So you want to add a new concurrency primitive to GHC… : ezyang’s blog

So you want to add a new concurrency primitive to GHC…

One of the appealing things about GHC is that the compiler is surprisingly hackable, even when you don’t want to patch the compiler itself. This hackability comes from compiler plugins, which let you write custom optimization passes on Core, as well as foreign primops, which let you embed low-level C-- to manipulate the low-level representation of various primitives. These hooks let people implement and distribute features that would otherwise be to unstable or speculative to put into the compiler proper.

A particular use-case that has garnered some amount of interest recently is that of concurrency primitives. We engineers like to joke that, in the name of performance, we are willing to take on nearly unbounded levels of complexity: but this is almost certainly true when it comes to concurrency primitives, where the use of ever more exotic memory barriers and concurrent data structures can lead to significant performance boosts (just ask the Linux kernel developers). It’s very tempting to look at this situation and think, “Hey, we could implement this stuff in GHC too, using the provided compiler hooks!” But there are a lot of caveats involved here.

After answering a few questions related to this subject on the ghc-devs list and noticing that many of the other responses were a bit garbled, I figured I ought to expand on my responses a bit in a proper blog post. I want to answer the following questions:

What does it mean to have a memory model for a high-level language like Haskell? (You can safely skip this section if you know what a memory model is.)
What is (GHC) Haskell’s memory model?
How would I go about implementing a (fast) memory barrier in GHC Haskell?

Memory models are semantics

What is a memory model?
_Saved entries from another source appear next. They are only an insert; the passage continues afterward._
(* Let $T$ be a tree with colour classes $A$ and $B$ such that $a=|A|\le|B|$ and $k=\min\{d_T(x):x\in A\}\ge 2$. Let $\tilde T\in\mathcal{H}(T)$ be obtained from $T$ by a vertex split on a set $U\subseteq V(T)$, and let $S=U\cap A$ be the set of splitting vertices in $A$, $s=|S|$. If $s\ge 1$, then $\nu(\tilde T)\ge a-1+k$.
   Context: $\nu(G)$ is the matching number. A vertex split on a vertex $v$ of $H$ replaces $v$ by an independent set of $d(v)$ new vertices, each adjacent to exactly one vertex of $N_H(v)$, distinct new vertices adjacent to distinct neighbours; a vertex split on $U\subseteq V(H)$ applies this to the vertices of $U$ one by one. The splitting family $\mathcal{H}(H)$ is the family of all graphs obtained from $H$ by a vertex split on some $U\subseteq V(H)$. *)

From mathcomp Require Import all_boot.
Set Implicit Arguments. Unset Strict Implicit. Unset Printing Implicit Defensive.

Section Defs.
Variable V : finType.
Implicit Types (e : rel V) (A B U : {set V}).

Definition deg e (x : V) : nat := #|[set y | e x y]|.

Definition simple_graph e := symmetric e /\ irreflexive e.

Definition connected_graph e := forall x y : V, connect e x y.

Definition acyclic e :=
  forall c : seq V, uniq c -> 3 <= size c -> ~~ cycle e c.

Definition is_tree e :=
  [/\ simple_graph e, 0 < #|V|, connected_graph e & acyclic e].

Definition colour_classes e A B :=
  [/\ A :&: B = set0, A :|: B = setT &
      forall x y, e x y -> ((x \in A) && (y \in B)) || ((x \in B) && (y \in A))].

(* Vertices of the split graph:
   (v, None)    for v \notin U  (the vertex v itself), and
   (v, Some w)  for v \in U and w a neighbour of v  (the new vertex of v
                attached to w). *)
Definition split_vert e U (x : V * option V) : bool :=
  match x.2 with
  | None => x.1 \notin U
  | Some w => (x.1 \in U) && e x.1 w
  end.

Definition split_copy U (u v : V) : V * option V :=
  if u \in U then (u, Some v) else (u, None).

(* each edge uv of T becomes the edge between the copy of u for v and the copy of v for u *)
Definition split_edge e U (x y : V * option V) : bool :=
  [&& e x.1 y.1, x == split_copy U x.1 y.1 & y == split_copy U y.1 x.1].

Definition split_graph e U : rel {x : V * option V | split_vert e U x} :=
  fun x y => split_edge e U (val x) (val y).

End Defs.
Arguments split_graph {V} e U.
Arguments split_vert {V} e U x.

Section Matching.
Variable W : finType.
Variable r : rel W.

Definition is_matching (M : {set {set W}}) : bool :=
  [forall f in M, exists x, exists y, r x y && (f == [set x; y])] &&
  [forall f in M, forall g in M, (f != g) ==> [disjoint f & g]].

Definition matching_number : nat :=
  \max_(M : {set {set W}} | is_matching M) #|M|.
End Matching.

From mathcomp Require Import all_boot.
Set Implicit Arguments. Unset Strict Implicit. Unset Printing Implicit Defensive.

(* Root the tree at a split vertex s of A.  Take all deg(s) >= k edges at s
   and, for every other x in A, one edge from x to a child of x: a child
   exists because deg(x) >= 2 while x has at most one neighbour closer to s.
   Two of these deg(s) + a - 1 edges can meet only in s, since each joins a
   vertex of A to one of its children and children have unique parents; as s
   is split, their images in the split tree are pairwise disjoint. *)

Section AcyclicGraph.
Variables (V : finType) (e : rel V).
Hypotheses (e_sym : symmetric e) (e_irr : irreflexive e) (e_acyc : acyclic e).

Definition avoid (x : V) : rel V := [rel a b | [&& e a b, a != x & b != x]].

Lemma path_avoid x a p : path (avoid x) a p -> x \notin p.
Proof.
elim: p a => //= b p IHp a /andP[/and3P[_ _ bx] /IHp].
by rewrite inE negb_or eq_sym bx.
Qed.

Lemma avoid_sym x : symmetric (avoid x).
Proof. by move=> a b; rewrite /avoid /= e_sym [(a != x) && _]andbC. Qed.

Lemma acyclic_nbrs_avoid x y1 y2 :
  e x y1 -> e x y2 -> y1 != y2 -> ~~ connect (avoid x) y1 y2.
Proof.
move=> xy1 xy2 y12; apply/negP => /connectP[p p_path p_last].
case/shortenP: p_path p_last => q q_path q_uniq _ q_last.
have y1x : y1 != x by apply: contraTneq xy1 => ->; rewrite e_irr.
have q_ne0 : q != [::] by apply: contra_neq y12; rewrite q_last => ->.
have c_uniq : uniq (x :: y1 :: q).
  by rewrite cons_uniq q_uniq andbT inE negb_or eq_sym y1x (path_avoid q_path).
have c_size : 3 <= size (x :: y1 :: q).
  by case: q q_ne0 {q_path q_uniq q_last c_uniq}.
have := e_acyc c_uniq c_size.
rewrite /cycle rcons_cons /= xy1 rcons_path -q_last e_sym xy2 andbT.
by rewrite (sub_path _ q_path) // => a b /and3P[].
Qed.
End AcyclicGraph.

Section RootedTree.
Variables (V : finType) (e : rel V) (s : V).
Hypotheses (e_sym : symmetric e) (e_irr : irreflexive e)
  (e_conn : connected_graph e) (e_acyc : acyclic e).

Definition grow (X : {set V}) := X :|: [set y | [exists x in X, e x y]].
Definition ball n := iter n grow [set s].

Lemma ball_mono m n : m <= n -> ball m \subset ball n.
Proof.
move=> /subnKC <-; elim: (n - m) => [|j IHj]; first by rewrite addn0.
by rewrite addnS; apply: subset_trans IHj (subsetUl _ _).
Qed.

Lemma ball_edge n x y : x \in ball n -> e x y -> y \in ball n.+1.
Proof.
by move=> xn xy; rewrite /= !inE; apply/orP; right; apply/exists_inP; exists x.
Qed.

Lemma ball_path n x p : path e x p -> x \in ball n -> last x p \in ball (n + size p).
Proof.
elim: p x n => [|y p IHp] x n /=; first by rewrite addn0.
by move=> /andP[xy yp] xn; rewrite addnS -addSn; apply: IHp yp (ball_edge xn xy).
Qed.

Lemma exists_ball x : exists n, x \in ball n.
Proof.
have /connectP[p p_path ->] := e_conn s x.
by exists (0 + size p); apply: ball_path p_path _; rewrite inE.
Qed.

Definition dist x := ex_minn (exists_ball x).

Lemma mem_ball n x : (x \in ball n) = (dist x <= n).
Proof.
rewrite /dist; case: ex_minnP => m xm m_min; apply/idP/idP; first exact: m_min.
by move=> /ball_mono/subsetP; apply.
Qed.

Lemma dist_eq0 x : (dist x == 0) = (x == s).
Proof. by rewrite -leqn0 -mem_ball inE. Qed.

Lemma dist_edge x y : e x y -> dist y <= (dist x).+1.
Proof. by move=> xy; rewrite -mem_ball; apply: ball_edge xy; rewrite mem_ball. Qed.

Lemma dist_parent x n : dist x = n.+1 -> exists2 y, e y x & dist y = n.
Proof.
move=> xn; have := leqnn (dist x); rewrite -{1}mem_ball xn /= !inE mem_ball xn ltnn.
case/exists_inP=> y; rewrite mem_ball => yn yx; exists y => //.
by apply/eqP; rewrite eqn_leq yn -ltnS -xn dist_edge.
Qed.

Lemma dist_root_nbr y : e s y -> dist y = (dist s).+1.
Proof.
move=> sy; have := dist_edge sy; have /eqP -> : dist s == 0 by rewrite dist_eq0.
have : dist y != 0 by rewrite dist_eq0; apply: contraTneq sy => ->; rewrite e_irr.
by case: (dist y) => [|[|n]].
Qed.

Lemma connect_avoid_root x y : y != x -> dist y <= dist x -> connect (avoid e x) y s.
Proof.
elim: {y}(dist y) {-2}y (erefl (dist y)) => [|n IHn] y yn yx ynx.
  by move/eqP: yn; rewrite dist_eq0 => /eqP->.
have [z zy zn] := dist_parent yn.
have zx : z != x by apply: contraTneq ynx => <-; rewrite yn zn ltnn.
apply: connect_trans (IHn z zn zx _); last by rewrite zn; apply: ltnW; rewrite -yn.
by apply: connect1; rewrite /avoid /= e_sym zy zx yx.
Qed.

Lemma nbr_uniq_below x y1 y2 : e x y1 -> e x y2 ->
  dist y1 <= dist x -> dist y2 <= dist x -> y1 = y2.
Proof.
move=> xy1 xy2 y1x y2x; case: (eqVneq y1 y2) => // y12.
have /negP[] := acyclic_nbrs_avoid e_sym e_irr e_acyc xy1 xy2 y12.
have nbr_neq y : e x y -> y != x.
  by move=> xy; apply: contraTneq xy => ->; rewrite e_irr.
apply: connect_trans (connect_avoid_root (nbr_neq _ xy1) y1x) _.
by rewrite (sym_connect_sym (avoid_sym e_sym x)) connect_avoid_root ?nbr_neq.
Qed.

Lemma parent_uniq x1 x2 y : e x1 y -> e x2 y ->
  dist y = (dist x1).+1 -> dist y = (dist x2).+1 -> x1 = x2.
Proof.
rewrite ![e _ y]e_sym => yx1 yx2 y1 y2.
by apply: (nbr_uniq_below yx1 yx2); [rewrite y1 | rewrite y2]; apply: leqnSn.
Qed.

Lemma exists_child x : 1 < deg e x -> exists2 y, e x y & dist y = (dist x).+1.
Proof.
case/card_gt1P=> y1 [y2 [xy1 xy2 y12]]; rewrite !inE in xy1 xy2.
suff [y xy x_lt_y] : exists2 y, e x y & dist x < dist y.
  by exists y => //; apply/eqP; rewrite eqn_leq dist_edge.
have [y1x | x_lt_y1] := leqP (dist y1) (dist x); last by exists y1.
have [y2x | x_lt_y2] := leqP (dist y2) (dist x); last by exists y2.
by rewrite (nbr_uniq_below xy1 xy2 y1x y2x) eqxx in y12.
Qed.

Definition child x := odflt x [pick y | e x y && (dist y == (dist x).+1)].

Lemma child_spec x : 1 < deg e x -> e x (child x) /\ dist (child x) = (dist x).+1.
Proof.
move=> x_deg; rewrite /child; case: pickP => [y /andP[xy /eqP]|no_child] //=.
have [y xy y_dist] := exists_child x_deg.
by move: (no_child y); rewrite /= xy y_dist eqxx.
Qed.
End RootedTree.

Section SplitMatching.
Variables (V : finType) (e : rel V) (U : {set V}).
Hypothesis e_sym : symmetric e.

Local Notation split_vertex := {x : V * option V | split_vert e U x}.

Lemma split_copy_fst u v : (split_copy U u v).1 = u.
Proof. by rewrite /split_copy; case: ifP. Qed.

Lemma split_copyP u v u' v' : split_copy U u v = split_copy U u' v' ->
  u = u' /\ (u \in U -> v = v').
Proof. by rewrite /split_copy; do 2!case: ifP => ? //; case=> -> //= ->. Qed.

Lemma split_vert_copy u v : e u v -> split_vert e U (split_copy U u v).
Proof. by rewrite /split_vert /split_copy; case: ifP => //= ->. Qed.

Definition split_image (p : V * V) : {set split_vertex} :=
  [set w | (val w == split_copy U p.1 p.2) || (val w == split_copy U p.2 p.1)].

Lemma split_image_edge p : e p.1 p.2 ->
  [exists x, exists y, split_graph e U x y && (split_image p == [set x; y])].
Proof.
move=> p_edge; have p_edge' : e p.2 p.1 by rewrite e_sym.
apply/existsP; exists (exist (split_vert e U) _ (split_vert_copy p_edge)).
apply/existsP; exists (exist (split_vert e U) _ (split_vert_copy p_edge')).
rewrite /split_graph /split_edge /= !split_copy_fst p_edge !eqxx /=.
by apply/eqP/setP => w; rewrite !inE -!val_eqE.
Qed.

Variable F : {set V * V}.
Hypotheses (F_edge : {in F, forall p, e p.1 p.2})
  (F_oriented : {in F &, forall p q, p.1 != q.2})
  (F_tail : {in F &, forall p q, p.1 = q.1 -> p.1 \notin U -> p = q})
  (F_head : {in F &, forall p q, p.2 = q.2 -> p.2 \notin U -> p = q}).

Lemma split_image_meet p q w : p \in F -> q \in F ->
  w \in split_image p -> w \in split_image q -> p = q.
Proof.
move=> Fp Fq; rewrite !inE => /orP[]/eqP-> /orP[]/eqP/split_copyP[].
- move=> p1q1 p2q2; have [/p2q2|pU] := boolP (p.1 \in U); last exact: F_tail.
  exact: injective_projections _ _ p1q1.
- by move/eqP: (F_oriented Fp Fq).
- by move/eqP: (F_oriented Fq Fp) => /[swap] ->.
- move=> p2q2 p1q1; have [/p1q1|pU] := boolP (p.2 \in U); last exact: F_head.
  by move/(injective_projections p q); apply.
Qed.

Lemma split_image_matching : is_matching (split_graph e U) (split_image @: F).
Proof.
apply/andP; split; apply/forall_inP => _ /imsetP[p Fp ->].
  exact/split_image_edge/F_edge.
apply/forall_inP => _ /imsetP[q Fq ->]; apply/implyP => pq.
apply/pred0P => w /=; apply/negbTE/andP => -[wp wq].
by rewrite (split_image_meet Fp Fq wp wq) eqxx in pq.
Qed.

Lemma card_split_image : #|split_image @: F| = #|F|.
Proof.
apply: card_in_imset => p q Fp Fq pq.
pose w := exist (split_vert e U) _ (split_vert_copy (F_edge Fp)).
have wp : w \in split_image p by rewrite inE eqxx.
by apply: (split_image_meet Fp Fq wp); rewrite -pq.
Qed.

Lemma split_matching_number : #|F| <= matching_number (split_graph e U).
Proof.
rewrite -card_split_image; exact: leq_bigmax_cond split_image_matching.
Qed.
End SplitMatching.

Lemma colour_classes_edge (V : finType) (e : rel V) (A B : {set V}) :
  colour_classes e A B -> {in A, forall x y, e x y -> y \notin A}.
Proof.
case=> AB0 _ AB_edge x xA y xy; apply/negP => yA.
have notAB z : z \in A -> z \in B -> False.
  by move=> zA zB; have := in_set0 z; rewrite -AB0 inE zA zB.
by case/orP: (AB_edge _ _ xy) => /andP[] => [_ /(notAB _ yA) | /(notAB _ xA)].
Qed.

Section StarAndChildren.
Variables (V : finType) (e : rel V) (A U : {set V}) (s : V).
Hypotheses (e_sym : symmetric e) (e_irr : irreflexive e)
  (e_conn : connected_graph e) (e_acyc : acyclic e).
Hypotheses (sA : s \in A) (sU : s \in U)
  (A_indep : {in A, forall x y, e x y -> y \notin A})
  (A_deg : {in A, forall x, 1 < deg e x}).

Local Notation dist := (dist s e_conn).
Local Notation child := (child s e_conn).

Definition star_child_edges :=
  [set (s, y) | y in [set y | e s y]] :|: [set (x, child x) | x in A :\ s].

Lemma star_child_edgesP p : p \in star_child_edges ->
  [/\ p.1 \in A, e p.1 p.2, dist p.2 = (dist p.1).+1 & p.1 != s -> p.2 = child p.1].
Proof.
case/setUP=> /imsetP[x]; rewrite !inE; [move=> sx -> | move=> /andP[xs xA] ->] => /=.
  by split=> //; [apply: dist_root_nbr | rewrite eqxx].
by have [] := child_spec s e_sym e_irr e_conn e_acyc (A_deg xA).
Qed.

Lemma card_star_child_edges : #|star_child_edges| = deg e s + (#|A| - 1).
Proof.
rewrite cardsU card_imset; last by move=> y y' [].
rewrite card_imset; last by move=> x x' [].
rewrite (cardsD1 s A) sA add1n subn1 /=.
suff -> : [set (s, y) | y in [set y | e s y]] :&: [set (x, child x) | x in A :\ s]
    = set0 by rewrite cards0 subn0.
apply/setP => p; rewrite !inE; apply/andP => -[/imsetP[y _ ->] /imsetP[x]].
by rewrite !inE => /andP[xs _] [sx _]; rewrite sx eqxx in xs.
Qed.

Lemma star_child_matching :
  deg e s + (#|A| - 1) <= matching_number (split_graph e U).
Proof.
rewrite -card_star_child_edges.
apply: (split_matching_number e_sym).
- by move=> p /star_child_edgesP[].
- move=> p q /star_child_edgesP[p1A _ _ _] /star_child_edgesP[q1A q_edge _ _].
  by apply: contraTneq p1A => ->; apply: A_indep q1A _ q_edge.
- move=> p q /star_child_edgesP[_ _ _ p_child] /star_child_edgesP[_ _ _ q_child].
  move=> pq1 p1U.
  have p1s : p.1 != s by apply: contraNneq p1U => ->.
  by apply: (injective_projections _ _ pq1); rewrite p_child // q_child -pq1.
- move=> p q /star_child_edgesP[_ p_edge p_dist _].
  move=> /star_child_edgesP[_ q_edge q_dist _] pq2 _.
  rewrite -pq2 in q_edge q_dist; apply: (injective_projections _ _ _ pq2).
  exact: (parent_uniq e_sym e_irr e_acyc p_edge q_edge p_dist q_dist).
Qed.
End StarAndChildren.

Theorem lemma2p5 (V : finType) (e : rel V) (A B U : {set V}) (k : nat) :
  is_tree e ->
  colour_classes e A B ->
  #|A| <= #|B| ->
  (exists2 x, x \in A & deg e x = k) ->
  (forall x, x \in A -> k <= deg e x) ->
  2 <= k ->
  1 <= #|U :&: A| ->
  #|A| - 1 + k <= matching_number (split_graph e U).
Proof.
move=> [[e_sym e_irr] _ e_conn e_acyc] AB _ _ k_deg k2 /card_gt0P[s].
rewrite inE => /andP[sU sA].
have A_deg x : x \in A -> 1 < deg e x by move=> /k_deg; apply: leq_trans.
have := star_child_matching e_sym e_irr e_conn e_acyc sA sU
  (colour_classes_edge AB) A_deg.
by apply: leq_trans; rewrite addnC leq_add2r k_deg.
Qed.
If you ask a hardware person, they might tell you, “A memory model is a description of how a multi-processor CPU interacts with its memory, e.g. under what circumstances a write by one processor is guaranteed to be visible by another.” If you ask a compiler person, they might tell you, “A memory model says what kind of compiler optimizations I’m allowed to do on operations which modify shared variables.” A memory model must fulfill both purposes (a common misconception is that it is only one or the other). To be explicit, we define a memory model as follows (adapted from Adve-Boehm):

A memory model is a semantics for shared variables, i.e. the set of values that a read in a program is allowed to return.

That’s right: a memory model defines the behavior of one the most basic operations in your programming language. Without it, you can’t really say what your program is supposed to do.

Why, then, are memory models so rarely discussed, even in a language community that is so crazy about semantics? In the absence of concurrency, the memory model is irrelevant: the obvious semantics apply. In the absence of data races, the memory model can be described quite simply. For example, a Haskell program which utilizes only MVars for inter-thread communication can have its behavior described completely using a relatively simple nondeterministic operational semantics (see Concurrent Haskell paper (PS)); software transactional memory offers high-level guarantees of atomicity with respect to reads of transactional variables. Where a memory model becomes essential is when programs contain data races: when you have multiple threads writing and reading IORefs without any synchronization, a memory model is responsible for defining the behavior of this program. With modern processors, this behavior can be quite complex: we refer to these models as relaxed memory models. Sophisticated synchronization primitives will often take advantage of a relaxed memory model to avoid expensive synchronizations and squeeze out extra performance.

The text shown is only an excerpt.